Since #78, Flodgatt has sent an keepalive websocket message consisting of {} to inform the client that the connection is still alive. This is perfectly functional, but is slightly ugly when debugging: when looking at the message view of a websocket connection, the actual messages are mixed in with many pings as shown below

This is not much of an issue, even when debugging: it only shows up when you've selected the message pane of the relevant websocket request. This means it doesn't clutter the console or interfere with debugging any non-flodgatt features. On the other hand, it will be nice to get rid of the clutter when we can.

Fortunately, the issue has been fixed upstream, in Warp 0.2.2. Unfortunately, we're still on the last 0.1.x build of warp. Once we upgrade and deal with breaking changes (#75), should be be able to solve this issue.

Flodgatt currently (since #108) type-checks the payloads of incoming messages and drops any that do not conform to Mastodon API as described in its API documentation. This provided several advantages, but also meant that changes to the API would require patching Flodgatt and that any undocumented changes to the API (or messages that did not conform to the documented API) would get dropped even if the client could handle them.

After discussing the issue in the developer Discord, we concluded that it would be better to send these messages on if they have enough data for us to successfully handle them. We may need to do so by not type-checking much of the payload at all, or we may be able to type check it and log a warning for non-conformat messages. Logging a warning would be nice – at least we'd know that there's an issue. But I want to ensure that there's no significant runtime cost to doing so.

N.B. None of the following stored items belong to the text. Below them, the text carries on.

Lemma vtx_action_ex : exists pi, vtx_action F pi.
Proof.
have H k : exists k', (k < 3)%N -> (k' < 3)%N /\ F (vtx k) = vtx k'.
  case: (ltnP k 3) => hk; last by exists 0%N => h; exfalso; lia.
  by have [k' h1 h2] := tess_vtx hk; exists k'.
by have [pi Hpi] := choice H; exists pi.
Qed.

Variable pi : nat -> nat.
Hypothesis Hpi : vtx_action F pi.

Lemma pi_lt k : (k < 3)%N -> (pi k < 3)%N. Proof. by move/Hpi => []. Qed.
Lemma pi_vtx k : (k < 3)%N -> F (vtx k) = vtx (pi k). Proof. by move/Hpi => []. Qed.

Lemma pi_inj k k' : (k < 3)%N -> (k' < 3)%N -> pi k = pi k' -> k = k'.
Proof. by move=> hk hk' E; apply: vtx_inj => //; apply: tess_inj; rewrite !pi_vtx // E. Qed.

Lemma pi_surj k : (k < 3)%N -> exists2 k', (k' < 3)%N & pi k' = k.
Proof. by apply: ltn_inj_surj; [exact: pi_lt | exact: pi_inj]. Qed.

Lemma tess_edge_mid i k : (i < 6)%N -> (k < 3)%N ->
  F (proj (edge_mid i k)) = proj (edge_mid (sg i) (pi k)).
Proof.
move=> hi hk; apply: edge_mid_unique; [exact: sg_lt | exact: pi_lt | |].
- by rewrite -sg_tri //; exists (proj (edge_mid i k)) => //; exists (edge_mid i k); [apply: edge_mid_in_tri|].
- move=> _ /pi_surj [k' hk' <-] hne; rewrite -pi_vtx // tess_distK.
  by apply: distK_edge_mid => // E; apply: hne; rewrite E.
Qed.

Lemma sg_adj i k : (i < 6)%N -> (k < 3)%N -> sg (adj i k) = adj (sg i) (pi k).
Proof.
move=> hi hk; have hn := adj_lt hi hk.
have E : proj (edge_mid (sg i) (pi k)) = proj (edge_mid (sg (adj i k)) (pi k)).
  by rewrite -!tess_edge_mid // -edge_mid_adj.
have [|//] := edge_mid_eq (sg_lt hi) (sg_lt hn) (pi_lt hk) E.
by move/(sg_inj hn hi)/(adj_neq hi hk).
Qed.

End TessIsometry.

(* A point of a triangle is located by its distances to the three vertices. *)
Lemma tess_isometry_eq F1 F2 sg pi : tess_isometry F1 -> tess_isometry F2 ->
  tri_action F1 sg -> tri_action F2 sg -> vtx_action F1 pi -> vtx_action F2 pi ->
  F1 = F2.
Proof.
move=> T1 T2 S1 S2 P1 P2; apply: funext => z.
have [p ->] := proj_surj z; have [i hi hX] := tri_cover p.
apply: (tri_eq_distK_vtx (i := sg i)); first exact: (sg_lt S1).
- by rewrite -(sg_tri S1) //; exists (proj p).
- by rewrite -(sg_tri S2) //; exists (proj p).
- move=> k hk; have [k' hk' <-] := pi_surj T1 P1 hk.
  by rewrite -{1}(pi_vtx P1) // -(pi_vtx P2) // !tess_distK.
Qed.

(* For a vertex permutation [pi], [orient_rev (pi 0) (pi 1)] says that [pi]
   reverses the cyclic order of the vertices; the affine maps realizing [pi]
   send [tri 0] to [tri0_image (orient_rev (pi 0) (pi 1)) (pi 0) a],
   [a = 0, 1]. *)
Definition orient_rev (w0 w1 : nat) : bool := w1 != ((w0 + 1) %% 3)%N.
Definition tri0_image (rev : bool) (c a : nat) : nat :=
  if rev then dtri_idx (c%:Z + a%:Z - 1) (a%:Z - 1) else tri_idx (c%:Z + a%:Z) a%:Z.

(* The triangle permutation determined, through [sg_adj], by [pi] and the
   image [s0] of [tri 0]: every triangle is reached from [tri 0] by at most
   two adjacency steps. *)
Definition tri_perm_of (pi : nat -> nat) (s0 i : nat) : nat :=
  match i with
  | 0 => s0 | 1 => adj s0 (pi 1) | 2 => adj s0 (pi 0) | 3 => adj (adj s0 (pi 0)) (pi 1)
  | 4 => adj s0 (pi 2) | _ => adj (adj s0 (pi 1)) (pi 0) end%N.

Definition adj_compatible (pi : nat -> nat) (s0 : nat) : bool :=
  all (fun i => all (fun k =>
    tri_perm_of pi s0 (adj i k) == adj (tri_perm_of pi s0 i) (pi k)) (iota 0 3)) (iota 0 6).

Definition nat3 (x0 x1 x2 k : nat) : nat := match k with 0 => x0 | 1 => x1 | _ => x2 end%N.

Fact tri0_image_subproof : all (fun x0 => all (fun x1 => all (fun x2 => all (fun s0 =>
  uniq [:: x0; x1; x2] && adj_compatible (nat3 x0 x1 x2) s0 ==>
  (s0 == tri0_image (orient_rev x0 x1) x0 0) || (s0 == tri0_image (orient_rev x0 x1) x0 1))
  (iota 0 6)) (iota 0 3)) (iota 0 3)) (iota 0 3).
Proof. by []. Qed.

Fact tri0_image_neq_subproof : all (fun x0 => all (fun x1 =>
  (tri0_image (orient_rev x0 x1) x0 0 < 6)%N && (tri0_image (orient_rev x0 x1) x0 1 < 6)%N &&
  (tri0_image (orient_rev x0 x1) x0 0 != tri0_image (orient_rev x0 x1) x0 1)) (iota 0 3)) (iota 0 3).
Proof. by []. Qed.

Section AdjacencyRigidity.
Variables sg pi : nat -> nat.
Hypothesis sg_lt6 : forall i, (i < 6)%N -> (sg i < 6)%N.
Hypothesis pi_lt3 : forall k, (k < 3)%N -> (pi k < 3)%N.
Hypothesis pi_inj3 : forall k k', (k < 3)%N -> (k' < 3)%N -> pi k = pi k' -> k = k'.
Hypothesis sg_adjE : forall i k, (i < 6)%N -> (k < 3)%N -> sg (adj i k) = adj (sg i) (pi k).

Lemma sg_tri_perm_of i : (i < 6)%N -> sg i = tri_perm_of pi (sg 0) i.
Proof.
case: i => [|[|[|[|[|[|//]]]]]] _ //=.
- by rewrite -(@sg_adjE 0 1 erefl erefl).
- by rewrite -(@sg_adjE 0 0 erefl erefl).
- by rewrite -(@sg_adjE 0 0 erefl erefl) -(@sg_adjE 2 1 erefl erefl).
- by rewrite -(@sg_adjE 0 2 erefl erefl).
- by rewrite -(@sg_adjE 0 1 erefl erefl) -(@sg_adjE 1 0 erefl erefl).
Qed.

Lemma sg0_tri0_image :
  sg 0 = tri0_image (orient_rev (pi 0) (pi 1)) (pi 0) 0 \/
  sg 0 = tri0_image (orient_rev (pi 0) (pi 1)) (pi 0) 1.
Proof.
have hc : adj_compatible (nat3 (pi 0) (pi 1) (pi 2)) (sg 0).
  apply/iota_allP => i hi; apply/iota_allP => k hk.
  have -> : nat3 (pi 0) (pi 1) (pi 2) k = pi k by case: k hk => [|[|[|]]].
  change (tri_perm_of pi (sg 0) (adj i k) == adj (tri_perm_of pi (sg 0) i) (pi k)).
  by rewrite -!sg_tri_perm_of ?adj_lt ?sg_adjE.
have hu : uniq [:: pi 0; pi 1; pi 2].
  rewrite /= !inE !andbT; apply/andP; split; [apply/norP; split|];
  by apply/eqP => /pi_inj3; move=> /(_ erefl erefl).
have /iota_allP/(_ _ (pi_lt3 (erefl : 0 < 3)%N))/iota_allP/(_ _ (pi_lt3 (erefl : 1 < 3)%N))
     /iota_allP/(_ _ (pi_lt3 (erefl : 2 < 3)%N))/iota_allP/(_ _ (sg_lt6 (erefl : 0 < 6)%N))
  := tri0_image_subproof.
by rewrite hu hc => /orP [] /eqP; [left | right].
Qed.

End AdjacencyRigidity.

(** * Integral affine maps *)

Definition aff (rev : bool) (j n : int) p : pt :=
  if rev then lpt (j%:~R - ucoord p) (n%:~R - vcoord p)
  else lpt (ucoord p + j%:~R) (vcoord p + n%:~R).

Definition orient_sign (rev : bool) : int := if rev then -1 else 1.

Lemma aff_lpt rev j n (u v : R) :
  aff rev j n (lpt u v) =
  if rev then lpt (j%:~R - u) (n%:~R - v) else lpt (u + j%:~R) (v + n%:~R).
Proof. by rewrite /aff ucoord_lpt vcoord_lpt. Qed.

Lemma aff_deck rev j n e a b p : exists e' a' b',
  aff rev j n (deck e a b p) = deck e' a' b' (aff rev j n p).
Proof.
rewrite -(lptK p); case: rev; case: e; rewrite ?deckF_lpt ?deckT_lpt !aff_lpt.
- by exists true, (n - a - 1), (- b - 1); rewrite deckT_lpt; congr lpt; push_intr; lra.
- by exists false, (- a), (- b); rewrite deckF_lpt; congr lpt; push_intr; lra.
- by exists true, (a + n), b; rewrite deckT_lpt; congr lpt; push_intr; lra.
- by exists false, a, b; rewrite deckF_lpt; congr lpt; push_intr; lra.
Qed.

Lemma Kequiv_aff rev j n p q : Kequiv p q -> Kequiv (aff rev j n p) (aff rev j n q).
Proof.
move/KequivE => [e [a [b ->]]]; have [e' [a' [b' ->]]] := aff_deck rev j n e a b p.
exact: Kequiv_deck.
Qed.

Lemma dist2_aff rev j n p q : dist2 (aff rev j n p) (aff rev j n q) = dist2 p q.
Proof.
rewrite -(lptK p) -(lptK q) !aff_lpt.
by case: rev; rewrite !dist2_lpt; congr Num.sqrt; rewrite /qf; ring.
Qed.

Definition aff_inv_shift (rev : bool) (j : int) : int := if rev then j else - j.

Lemma affK rev j n : cancel (aff rev j n) (aff rev (aff_inv_shift rev j) (aff_inv_shift rev n)).
Proof. by move=> p; rewrite -(lptK p); case: rev; rewrite /aff_inv_shift !aff_lpt; congr lpt; push_intr; lra. Qed.

Lemma affKV rev j n : cancel (aff rev (aff_inv_shift rev j) (aff_inv_shift rev n)) (aff rev j n).
Proof. by move=> p; rewrite -(lptK p); case: rev; rewrite /aff_inv_shift !aff_lpt; congr lpt; push_intr; lra. Qed.

Lemma image_aff rev j n (D : set pt) :
  aff rev j n @` D = [set p | D (aff rev (aff_inv_shift rev j) (aff_inv_shift rev n) p)].
Proof.
apply/seteqP; split => p.
- by case=> q hq <-; rewrite /= affK.
- by move=> /= h; exists (aff rev (aff_inv_shift rev j) (aff_inv_shift rev n) p); rewrite ?affKV.
Qed.

Lemma aff_up_tri rev j n a b : aff rev j n @` up_tri a b =
  if rev then down_tri (j - a - 1) (n - b - 1) else up_tri (a + j) (b + n).
Proof.
rewrite image_aff; apply/seteqP; case: rev; split => p /=;
  rewrite -(lptK p) /aff_inv_shift ?ucoord_lpt ?vcoord_lpt ?up_tri_lpt ?down_tri_lpt /in_up /in_down;
  push_intr; move=> [h1 [h2 h3]]; do 2! (split; first lra); lra.
Qed.

Lemma aff_down_tri rev j n a b : aff rev j n @` down_tri a b =
  if rev then up_tri (j - a - 1) (n - b - 1) else down_tri (a + j) (b + n).
Proof.
rewrite image_aff; apply/seteqP; case: rev; split => p /=;
  rewrite -(lptK p) /aff_inv_shift ?ucoord_lpt ?vcoord_lpt ?up_tri_lpt ?down_tri_lpt /in_up /in_down;
  push_intr; move=> [h1 [h2 h3]]; do 2! (split; first lra); lra.
Qed.

Definition Krepr (z : Kpt R) : pt := projT1 (cid (proj_surj z)).

Lemma KreprK z : proj (Krepr z) = z.
Proof. by rewrite /Krepr; case: cid => p /= ->. Qed.

Definition kaff rev j n (z : Kpt R) : Kpt R := proj (aff rev j n (Krepr z)).

Lemma kaff_proj rev j n p : kaff rev j n (proj p) = proj (aff rev j n p).
Proof. by rewrite /kaff; apply/projP/Kequiv_aff/projP; rewrite KreprK. Qed.

Lemma kaff_bij rev j n : bijective (kaff rev j n).
Proof.
exists (kaff rev (aff_inv_shift rev j) (aff_inv_shift rev n)) => z;
by have [p ->] := proj_surj z; rewrite !kaff_proj ?affK ?affKV.
Qed.

Lemma distK_kaff rev j n z w : distK (kaff rev j n z) (kaff rev j n w) = distK z w.
Proof.
have [p ->] := proj_surj z; have [q ->] := proj_surj w; rewrite !kaff_proj /distK /=.
congr inf; apply/seteqP; split => d [p' [q' [/= hp [hq ->]]]].
- exists (aff rev (aff_inv_shift rev j) (aff_inv_shift rev n) p').
  exists (aff rev (aff_inv_shift rev j) (aff_inv_shift rev n) q').
  split; first by rewrite -{1}(affK rev j n p); apply: Kequiv_aff.
  split; first by rewrite -{1}(affK rev j n q); apply: Kequiv_aff.
  by rewrite dist2_aff.
- exists (aff rev j n p'), (aff rev j n q'); split; first exact: Kequiv_aff.
  by split; [exact: Kequiv_aff | rewrite dist2_aff].
Qed.

Lemma kaff_image rev j n (D : set pt) :
  kaff rev j n @` ((@proj R) @` D) = (@proj R) @` (aff rev j n @` D).
Proof.
apply/seteqP; split => z.
- by case=> _ [p hp <-] <-; rewrite kaff_proj; exists (aff rev j n p) => //; exists p.
- by case=> _ [p hp <-] <-; exists (proj p); [exists p | rewrite kaff_proj].
Qed.

Lemma kaff_tess rev j n : tess_isometry (kaff rev j n).
Proof.
split; first by split; [exact: kaff_bij | exact: distK_kaff].
move=> Y [D [[a [b [->|->]]] ->]]; rewrite kaff_image ?aff_up_tri ?aff_down_tri.
- exists (if rev then down_tri (j - a - 1) (n - b - 1) else up_tri (a + j) (b + n)); split => //.
  by case: rev; [exists (j - a - 1), (n - b - 1); right | exists (a + j), (b + n); left].
- exists (if rev then up_tri (j - a - 1) (n - b - 1) else down_tri (a + j) (b + n)); split => //.
  by case: rev; [exists (j - a - 1), (n - b - 1); left | exists (a + j), (b + n); right].
Qed.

If we do have the ability to log warnings for non-conformant messages, we can provide the ability to turn that feature off at compile time for users who are not interested in that sort of logging – a compile-time option would avoid even tiny runtime costs.

Warp supports using Unix sockets (see seanmonstar/warp#101) but I do not fully understand the API. Once I get my head around that, we should add that support.

The DB_PORT configuration variable (see #23) is not working in all instances, forcing users to rely on the DATABASE_URL variable instead.

The Node streaming server sends a ping via WebSockets every 30 seconds, which keeps the connection alive. Flodgatt currently does not—it listens for pings from the client and would respond to any pings with pongs. However, the clients do not send pings (they also wait and respond with pongs).

Accordingly, we should update Flodgatt to send pings. However, warp does not currently support sending pings through its built-in websocket implementation. I have opened an issue and will see what I can do to get that feature added.

If we can't add it to Warp, there is probably a work-around (most obviously, we could send an empty binary message as a ping; we could also re-implement the WS support if it comes to that). But it seems worth seeing what the response from upstream is first.

A planned development in upstream Mastodon is to multiplex multiple streams through a single connection. For example, if a user has 10 columns with different hashtags in their web UI, that's currently 10 separate websocket connections. That's a waste of resources. Instead, the dynamic nature of websockets could be used to subscribe and unsubscribe from specific streams. The return format would then need to be enhanced to say which stream a given message belongs to.

We should add a connection pool, probably with r2d2-postgres.